## Work order
List every line below containing "xclose".

## Study material
::::

(* With a = dist(x0, Phi^-1(yb)) > K^2 dist(yb, Phi(x0)), minimise
   |y - yb| + (K / a) |x - x0|^2 over the graph; the minimiser stays within
   a / K^(3/2) of x0, hence off Phi^-1(yb), and Fermat's rule applies there. *)
Lemma subreg_witness_exists (K : R) (x0 : 'rV[R]_n) : 1 <= K ->
  ~ (Defs.edist x0 [set z | Phi z yb] <= (K ^+ 2)%:E * Defs.edist yb (Phi x0))%E ->
  exists a xt yt, subreg_witness K x0 a xt yt.
Proof.
move=> K1 fail; have K0 : 0 < K by apply: lt_le_trans K1.
have [a [y Py [a0 ya aS]]] :=
  edist_not_le_witness (exprn_gt0 2 K0) (ex_intro _ xb Pb) fail.
pose be := K / a; have be0 : 0 < be by rewrite divr_gt0.
have [[xt yt] gt tmin] :=
  penalty_min_exists x0 yb be0 cPhi (ex_intro _ (x0, y) Py).
have small : penalty x0 yb be (xt, yt) < a / K ^+ 2.
  apply: le_lt_trans (tmin (x0, y) Py) _.
  by rewrite /penalty /= subrr dotv0l mulr0 addr0.
have [/= hy hx] := penalty_ge x0 yb be0 (xt, yt).
have xclose : dotv (xt - x0) (xt - x0) < a ^+ 2 / K ^+ 3.
  have -> : a ^+ 2 / K ^+ 3 = (a / K ^+ 2) / be.
    by rewrite /be; field; rewrite !gt_eqF.
  by rewrite ltr_pdivlMr // mulrC (le_lt_trans hx).
have notin : ~ Phi xt yb.
  move=> /aS; rewrite enormB => axt.
  have : a ^+ 2 < a ^+ 2 / K ^+ 3.
    by apply: le_lt_trans xclose; rewrite -sqr_enorm ler_pXn2r ?nnegrE ?enorm_ge0 // ltW.
  by rewrite ltr_pdivlMr ?exprn_gt0 // ltNge ler_peMr ?sqr_ge0 ?exprn_ege1.
have ytb : yt != yb by apply: contraPneq notin => <-.
exists a, xt, yt; split => //.
- exact: aS.
- exact: ltW (le_lt_trans hy small).
- exact: ltW.
- exact: rnormal_penalty_min.
- rewrite dotvZl dotvZr mulrA dotvvB.
  apply: le_trans (ler_wpM2l _ (ltW xclose)) _; first by rewrite mulr_ge0 // mulr_ge0 // ltW.
  by rewrite le_eqVlt; apply/orP; left; apply/eqP; rewrite /be; field; rewrite !gt_eqF.
Qed.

::::

## Response
have xclose : dotv (xt - x0) (xt - x0) < a ^+ 2 / K ^+ 3.
    by apply: le_lt_trans xclose; rewrite -sqr_enorm ler_pXn2r ?nnegrE ?enorm_ge0 // ltW.
  apply: le_trans (ler_wpM2l _ (ltW xclose)) _; first by rewrite mulr_ge0 // mulr_ge0 // ltW.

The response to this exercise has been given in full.